The trio also dominated in terms of possession, finishing first, second, and third among all Oilers’ skaters in terms of Corsi For percentage during the victory over Columbus. Eberle led the way with a mark of 66.7 percent, followed by Pouliot’s 63.3 percent and McDavid’s 57.1 percent.

That being the case, it’s tough to argue that head coach Todd McLellan hasn’t found a reliable secondary trio to play behind the elite top-line duo of Taylor Hall and Leon Draisaitl.

It remains to be seen how McDavid and Eberle look together long-term, but assuming they can keep up the form they showed against Columbus (or at least play somewhere near that level once the adrenaline of returning to the NHL wears off for McDavid), the duo’s prowess may serve as bad news for another member of the Oilers’ core – Ryan Nugent-Hopkins.

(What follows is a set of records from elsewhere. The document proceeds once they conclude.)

(* Let $\mathbf{X}=(X_n)_{n\in\mathbb{N}}$ be a stationary ergodic (scalar or vector) information source with values in a proper interval $I^d\subsetneq\mathbb{R}^d$, $d\ge1$, where for $d>1$ the interval $I^d$ carries the lexicographic order. Then its differential permutation entropy rate equals its differential entropy rate: $h_m^{*}(\mathbf{X})=h_m(\mathbf{X})$.
   Context: For $\Delta>0$, a uniform discretization of $\mathbf{X}$ at resolution $\Delta$ is obtained from a partition $\delta=\{\Delta_1,\ldots,\Delta_N\}$ of $I^d$ into Lebesgue-measurable cells with $\lambda(\Delta_i)=\lambda(I^d)/N=\Delta$ ($\lambda$ = Lebesgue measure), and the discretized source $\mathbf{X}^\Delta=(X_n^\Delta)$ with alphabet $A^\Delta=\{1,\ldots,N\}$ is given by $X_n^\Delta=i$ iff $X_n\in\Delta_i$. Its sequence-space model is $(A^{\Delta\mathbb{N}},\mathcal{Z}^\Delta,m^\Delta,\sigma)$. The metric entropy rate of $\mathbf{X}^\Delta$ is $h_{m^\Delta}(\mathbf{X}^\Delta)=\lim_{L\to\infty}\frac1L H(X^\Delta{}_1^L)$, where $H$ is Shannon entropy (base 2) and $X^\Delta{}_1^L=X_1^\Delta\cdots X_L^\Delta$. The rank variables of the discretized source are $R_n^\Delta=\sum_{i=1}^n\delta(X_i^\Delta\le X_n^\Delta)$ ($\delta(P)=1$ if $P$ holds, $0$ otherwise), and the permutation entropy rate at resolution $\Delta$ is $h^*_{m^\Delta}(\mathbf{X}^\Delta)=\lim_{L\to\infty}\frac{1}{L-1}H(R^\Delta{}_1^L)$. The differential entropy rate is $h_m(\mathbf{X})=\lim_{\Delta\to0}\big(h_{m^\Delta}(\mathbf{X}^\Delta)+\log\Delta\big)$ and the differential permutation entropy rate is $h_m^*(\mathbf{X})=\lim_{\Delta\to0}\big(h^*_{m^\Delta}(\mathbf{X}^\Delta)+\log\Delta\big)$. *)

From HB Require Import structures.
From mathcomp Require Import all_boot all_order all_algebra.
From mathcomp Require Import all_classical all_reals all_analysis.

Set Implicit Arguments.
Unset Strict Implicit.
Unset Printing Implicit Defensive.

Import Order.TTheory GRing.Theory Num.Theory.
Import numFieldNormedType.Exports.

Local Open Scope classical_set_scope.
Local Open Scope ring_scope.

Section Defs.
Variable R : realType.

Section Lebesgue_d.
Variable d : nat.

Definition box (a b : d.-tuple R) : set (d.-tuple R) :=
  [set x | forall k : 'I_d, tnth a k <= tnth x k <= tnth b k].

Definition box_vol (a b : d.-tuple R) : R :=
  \prod_(k < d) (tnth b k - tnth a k).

Nugent-Hopkins has unfortunately seemed like the odd man out for quite some time, as the former first-line center has had to deal with stellar showings from both McDavid and Draisaitl in 2015–16. That seemingly wouldn’t be an issue for Nugent-Hopkins, as he’s proven himself to be an elite centre in his own right, but the context of what his team requires and what he would fetch on the trade market continues to work against him.

This was made clear when it was revealed by Sportsnet’s Mark Spector that Oilers general manager Peter Chiarelli did indeed offer up Nugent-Hopkins to the Nashville Predators in exchange for Seth Jones. The Predators opted for Columbus’ Ryan Johansen, leaving Nugent-Hopkins in limbo with the Oilers organization.

Now the situation has become even more tenuous as the pivot remains out with a hand injury, unable to make his case to stay in Edmonton. As it currently stands, a few things remain true.

First, the Oilers still hope to acquire some significant defensive help before 2016–17 (though they’ll likely do so during the offseason rather than at this season’s trade deadline). Secondly, Chiarelli seems more and more likely to trade one of the team’s core players to bring in that defensive help.

Hall, Nugent-Hopkins, and Eberle have long been the three rumoured to get that call. However, that crop has narrowed significantly this season. Hall has put forth one of the finest efforts of his career, posting 18 goals and 49 points through 51 games thus far, and looking like one of the most dangerous snipers in the league. He’s also developed some lethal chemistry with young pivot Draisaitl, giving McLellan a pairing to work with long-term.

That leaves Nugent-Hopkins and Eberle as potential trade options. However, if Eberle and McDavid continue to strike up some dangerous chemistry, this would continue to push Nugent-Hopkins towards the door. The central factor here isn’t that Nugent-Hopkins is a lesser forward (in fact, his status as an elite centerman is one of the key factors in trading him to acquire a talented defender), but rather that his position means fitting him in would bring significant change to the Oilers’ top-six once everyone is healthy.

With McDavid a lock to remain at centre, Nugent-Hopkins’ return would mean either moving Draisaitl to the wing – which could work, though the young German has looked very good playing in his natural center position – or moving Draisaitl out of the top-six altogether. Neither option seems great, considering the fact that Draisaitl and Hall were the team’s bright spots while McDavid was injured.

Thus, it seems if Eberle can make a case for himself as a long-term wing option for McDavid, the natural next step for Chiarelli would be making another push this summer to move out Nugent-Hopkins in exchange for a number-one defender. Edmonton will likely net a top pick in the 2016 NHL draft as well, meaning should they deal Nugent-Hopkins, the Oilers could either add another elite young forward to make up for losing Nugent-Hopkins’ offensive talent, or add a strong defensive prospect like Jakob Chychrun to load up their back end with as much promise as their young forward corps.